- _Problem to solve_
The line containing "Lemma countable_bigunion (P" marks the end, so write out exactly every line from the top of the entries below through that one.

------ Supplied records

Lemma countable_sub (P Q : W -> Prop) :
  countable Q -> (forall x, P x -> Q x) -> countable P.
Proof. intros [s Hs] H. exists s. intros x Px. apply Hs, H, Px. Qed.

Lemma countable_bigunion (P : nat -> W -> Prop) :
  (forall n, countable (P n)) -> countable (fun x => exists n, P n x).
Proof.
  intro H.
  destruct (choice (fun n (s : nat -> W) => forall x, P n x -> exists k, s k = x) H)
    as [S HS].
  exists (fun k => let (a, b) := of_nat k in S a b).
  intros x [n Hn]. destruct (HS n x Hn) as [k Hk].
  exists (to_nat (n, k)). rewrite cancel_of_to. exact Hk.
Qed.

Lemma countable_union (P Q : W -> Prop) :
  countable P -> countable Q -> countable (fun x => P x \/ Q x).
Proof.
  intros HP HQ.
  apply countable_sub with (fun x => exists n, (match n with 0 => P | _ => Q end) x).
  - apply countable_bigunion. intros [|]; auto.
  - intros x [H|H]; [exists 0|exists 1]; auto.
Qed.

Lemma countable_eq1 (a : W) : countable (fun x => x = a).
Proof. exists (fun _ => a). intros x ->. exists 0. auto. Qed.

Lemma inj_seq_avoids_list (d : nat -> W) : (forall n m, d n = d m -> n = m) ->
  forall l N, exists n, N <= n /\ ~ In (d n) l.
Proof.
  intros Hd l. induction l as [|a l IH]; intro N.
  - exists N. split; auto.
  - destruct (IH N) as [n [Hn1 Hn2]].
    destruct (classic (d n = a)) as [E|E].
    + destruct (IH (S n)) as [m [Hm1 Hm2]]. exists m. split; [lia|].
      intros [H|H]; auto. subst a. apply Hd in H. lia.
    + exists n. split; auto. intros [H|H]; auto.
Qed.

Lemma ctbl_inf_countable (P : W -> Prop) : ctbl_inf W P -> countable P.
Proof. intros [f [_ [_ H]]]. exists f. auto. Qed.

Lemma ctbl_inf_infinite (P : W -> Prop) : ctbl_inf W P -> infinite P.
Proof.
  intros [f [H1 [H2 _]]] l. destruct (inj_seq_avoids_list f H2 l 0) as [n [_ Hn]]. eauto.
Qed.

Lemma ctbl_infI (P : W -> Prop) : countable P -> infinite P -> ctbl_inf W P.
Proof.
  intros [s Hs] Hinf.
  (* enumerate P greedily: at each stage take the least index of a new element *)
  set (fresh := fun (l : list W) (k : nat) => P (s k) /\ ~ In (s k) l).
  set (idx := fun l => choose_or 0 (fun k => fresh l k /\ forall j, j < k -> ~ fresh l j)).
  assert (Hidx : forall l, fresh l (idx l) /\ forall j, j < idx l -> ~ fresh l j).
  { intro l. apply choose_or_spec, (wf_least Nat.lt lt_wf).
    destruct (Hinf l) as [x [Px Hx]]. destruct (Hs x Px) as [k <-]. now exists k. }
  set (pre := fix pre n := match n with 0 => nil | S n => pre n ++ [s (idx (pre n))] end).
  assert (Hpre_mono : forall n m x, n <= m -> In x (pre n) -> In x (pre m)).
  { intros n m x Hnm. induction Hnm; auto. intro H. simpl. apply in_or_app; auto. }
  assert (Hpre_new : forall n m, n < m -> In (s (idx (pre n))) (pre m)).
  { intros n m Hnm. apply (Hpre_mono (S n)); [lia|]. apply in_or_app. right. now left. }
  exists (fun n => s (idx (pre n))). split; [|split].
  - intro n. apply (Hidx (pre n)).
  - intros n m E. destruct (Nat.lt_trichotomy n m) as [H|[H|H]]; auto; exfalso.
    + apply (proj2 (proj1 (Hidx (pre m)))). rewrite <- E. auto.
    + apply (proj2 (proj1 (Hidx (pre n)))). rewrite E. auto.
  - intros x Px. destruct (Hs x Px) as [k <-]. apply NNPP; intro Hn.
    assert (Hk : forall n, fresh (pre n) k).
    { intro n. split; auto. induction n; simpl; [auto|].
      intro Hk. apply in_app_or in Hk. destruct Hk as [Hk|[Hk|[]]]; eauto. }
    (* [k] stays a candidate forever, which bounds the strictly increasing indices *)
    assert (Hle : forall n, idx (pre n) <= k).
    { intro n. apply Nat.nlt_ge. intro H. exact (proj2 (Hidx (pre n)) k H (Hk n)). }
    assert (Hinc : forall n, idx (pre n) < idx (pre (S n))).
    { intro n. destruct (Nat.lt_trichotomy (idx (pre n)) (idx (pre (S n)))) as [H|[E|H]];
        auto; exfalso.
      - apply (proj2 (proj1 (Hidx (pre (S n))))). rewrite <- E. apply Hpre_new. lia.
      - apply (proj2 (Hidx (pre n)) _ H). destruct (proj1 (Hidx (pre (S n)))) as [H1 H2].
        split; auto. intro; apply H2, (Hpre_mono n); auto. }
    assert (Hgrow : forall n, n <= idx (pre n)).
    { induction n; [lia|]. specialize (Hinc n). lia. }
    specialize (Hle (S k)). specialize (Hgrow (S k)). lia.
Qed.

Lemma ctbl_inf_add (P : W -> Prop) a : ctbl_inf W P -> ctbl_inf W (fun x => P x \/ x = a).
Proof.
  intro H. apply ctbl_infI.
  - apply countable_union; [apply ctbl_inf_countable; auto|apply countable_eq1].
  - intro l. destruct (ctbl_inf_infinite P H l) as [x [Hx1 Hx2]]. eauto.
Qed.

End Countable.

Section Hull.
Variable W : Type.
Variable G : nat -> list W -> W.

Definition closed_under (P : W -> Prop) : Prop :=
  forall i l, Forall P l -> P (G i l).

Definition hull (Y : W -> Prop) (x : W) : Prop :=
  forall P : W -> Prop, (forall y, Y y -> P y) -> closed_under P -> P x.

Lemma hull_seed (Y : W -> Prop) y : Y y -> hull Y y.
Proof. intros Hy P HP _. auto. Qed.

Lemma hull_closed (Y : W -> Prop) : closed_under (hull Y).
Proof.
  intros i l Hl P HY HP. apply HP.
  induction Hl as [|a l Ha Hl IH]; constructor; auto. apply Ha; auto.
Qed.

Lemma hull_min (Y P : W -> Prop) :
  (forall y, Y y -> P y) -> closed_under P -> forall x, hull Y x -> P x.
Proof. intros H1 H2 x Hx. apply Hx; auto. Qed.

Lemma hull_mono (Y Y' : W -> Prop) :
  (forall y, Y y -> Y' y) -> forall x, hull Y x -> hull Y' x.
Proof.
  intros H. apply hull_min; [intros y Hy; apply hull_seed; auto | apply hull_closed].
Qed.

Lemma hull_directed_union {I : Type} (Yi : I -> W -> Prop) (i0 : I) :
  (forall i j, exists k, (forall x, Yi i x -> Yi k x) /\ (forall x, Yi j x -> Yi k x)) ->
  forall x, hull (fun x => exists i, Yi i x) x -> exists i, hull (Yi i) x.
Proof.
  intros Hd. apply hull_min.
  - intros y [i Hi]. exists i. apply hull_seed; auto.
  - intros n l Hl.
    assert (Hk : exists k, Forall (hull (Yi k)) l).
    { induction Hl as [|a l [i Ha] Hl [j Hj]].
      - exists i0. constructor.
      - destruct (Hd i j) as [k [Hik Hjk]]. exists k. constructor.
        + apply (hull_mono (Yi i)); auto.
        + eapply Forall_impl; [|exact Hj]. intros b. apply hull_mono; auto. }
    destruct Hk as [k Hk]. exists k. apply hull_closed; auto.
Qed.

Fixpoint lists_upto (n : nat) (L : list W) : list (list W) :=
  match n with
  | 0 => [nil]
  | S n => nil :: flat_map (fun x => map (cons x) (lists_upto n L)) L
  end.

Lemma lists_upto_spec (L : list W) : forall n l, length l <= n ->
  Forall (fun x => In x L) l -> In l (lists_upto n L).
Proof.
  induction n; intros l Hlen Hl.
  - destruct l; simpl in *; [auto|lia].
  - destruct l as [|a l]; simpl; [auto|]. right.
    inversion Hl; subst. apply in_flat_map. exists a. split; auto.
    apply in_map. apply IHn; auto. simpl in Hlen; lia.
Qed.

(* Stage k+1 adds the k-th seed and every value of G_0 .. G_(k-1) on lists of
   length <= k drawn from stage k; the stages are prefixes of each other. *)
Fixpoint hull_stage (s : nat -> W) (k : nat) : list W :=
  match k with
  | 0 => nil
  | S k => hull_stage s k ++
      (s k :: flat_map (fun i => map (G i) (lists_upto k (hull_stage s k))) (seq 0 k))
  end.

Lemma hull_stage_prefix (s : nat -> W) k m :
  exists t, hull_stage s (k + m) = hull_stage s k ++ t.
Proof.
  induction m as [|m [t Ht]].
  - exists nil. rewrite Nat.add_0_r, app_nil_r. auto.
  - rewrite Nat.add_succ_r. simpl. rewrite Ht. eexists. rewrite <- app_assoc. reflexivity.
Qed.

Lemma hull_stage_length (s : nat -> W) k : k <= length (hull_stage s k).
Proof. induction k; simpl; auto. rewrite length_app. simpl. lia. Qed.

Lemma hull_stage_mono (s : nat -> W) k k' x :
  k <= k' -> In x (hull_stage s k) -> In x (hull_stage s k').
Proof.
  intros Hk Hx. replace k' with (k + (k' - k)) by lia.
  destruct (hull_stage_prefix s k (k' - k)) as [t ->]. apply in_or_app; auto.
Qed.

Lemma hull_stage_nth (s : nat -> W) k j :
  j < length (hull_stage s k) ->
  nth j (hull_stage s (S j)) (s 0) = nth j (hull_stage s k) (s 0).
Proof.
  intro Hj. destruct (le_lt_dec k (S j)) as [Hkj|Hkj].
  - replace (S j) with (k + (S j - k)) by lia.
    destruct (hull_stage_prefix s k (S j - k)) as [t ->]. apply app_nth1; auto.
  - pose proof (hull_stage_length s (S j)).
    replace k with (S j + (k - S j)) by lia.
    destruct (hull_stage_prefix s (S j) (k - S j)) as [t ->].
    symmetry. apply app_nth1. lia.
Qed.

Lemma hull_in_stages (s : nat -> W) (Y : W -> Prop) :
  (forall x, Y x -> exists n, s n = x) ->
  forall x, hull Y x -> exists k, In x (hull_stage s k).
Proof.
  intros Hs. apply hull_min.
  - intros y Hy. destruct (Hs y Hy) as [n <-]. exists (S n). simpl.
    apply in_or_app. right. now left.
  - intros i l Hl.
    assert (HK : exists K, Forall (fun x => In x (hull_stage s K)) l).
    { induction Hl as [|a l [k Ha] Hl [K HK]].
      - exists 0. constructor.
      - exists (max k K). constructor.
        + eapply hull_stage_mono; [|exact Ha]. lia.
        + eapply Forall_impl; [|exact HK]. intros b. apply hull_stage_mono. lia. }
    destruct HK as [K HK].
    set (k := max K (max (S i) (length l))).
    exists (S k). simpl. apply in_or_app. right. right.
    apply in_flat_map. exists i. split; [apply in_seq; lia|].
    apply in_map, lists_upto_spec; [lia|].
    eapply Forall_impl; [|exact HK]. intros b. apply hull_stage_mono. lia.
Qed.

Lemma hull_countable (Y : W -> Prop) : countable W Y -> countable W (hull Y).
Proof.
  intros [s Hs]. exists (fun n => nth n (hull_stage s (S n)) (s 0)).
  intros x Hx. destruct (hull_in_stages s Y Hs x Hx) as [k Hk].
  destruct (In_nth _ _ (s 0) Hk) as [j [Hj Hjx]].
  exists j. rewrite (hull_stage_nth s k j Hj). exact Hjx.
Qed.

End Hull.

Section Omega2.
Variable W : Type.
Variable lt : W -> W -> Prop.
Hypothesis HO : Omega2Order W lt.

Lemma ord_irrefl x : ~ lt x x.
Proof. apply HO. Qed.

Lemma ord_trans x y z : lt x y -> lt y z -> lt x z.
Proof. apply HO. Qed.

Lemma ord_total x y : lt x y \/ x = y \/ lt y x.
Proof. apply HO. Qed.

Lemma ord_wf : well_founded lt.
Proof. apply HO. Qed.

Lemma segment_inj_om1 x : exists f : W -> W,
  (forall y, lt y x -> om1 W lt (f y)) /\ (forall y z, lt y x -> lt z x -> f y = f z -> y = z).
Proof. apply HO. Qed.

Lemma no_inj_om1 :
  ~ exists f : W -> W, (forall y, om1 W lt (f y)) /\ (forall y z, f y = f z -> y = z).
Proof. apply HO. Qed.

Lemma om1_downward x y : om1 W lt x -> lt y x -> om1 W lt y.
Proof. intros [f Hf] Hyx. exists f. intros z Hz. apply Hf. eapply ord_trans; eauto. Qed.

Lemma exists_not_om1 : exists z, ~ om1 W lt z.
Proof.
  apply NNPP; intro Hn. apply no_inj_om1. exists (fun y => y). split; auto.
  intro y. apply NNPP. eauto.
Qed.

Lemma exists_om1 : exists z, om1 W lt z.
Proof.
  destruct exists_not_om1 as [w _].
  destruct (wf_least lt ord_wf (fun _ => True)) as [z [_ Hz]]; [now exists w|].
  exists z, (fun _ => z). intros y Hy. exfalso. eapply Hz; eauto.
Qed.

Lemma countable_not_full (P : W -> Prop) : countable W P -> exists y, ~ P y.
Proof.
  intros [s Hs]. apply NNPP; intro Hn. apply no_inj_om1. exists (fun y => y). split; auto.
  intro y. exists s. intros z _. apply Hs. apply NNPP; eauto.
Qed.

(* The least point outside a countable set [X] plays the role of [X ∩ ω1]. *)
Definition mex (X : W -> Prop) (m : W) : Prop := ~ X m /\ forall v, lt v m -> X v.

------------

- _Task answer_
Lemma countable_sub (P Q : W -> Prop) :
  countable Q -> (forall x, P x -> Q x) -> countable P.
Proof. intros [s Hs] H. exists s. intros x Px. apply Hs, H, Px. Qed.

Lemma countable_bigunion (P : nat -> W -> Prop) :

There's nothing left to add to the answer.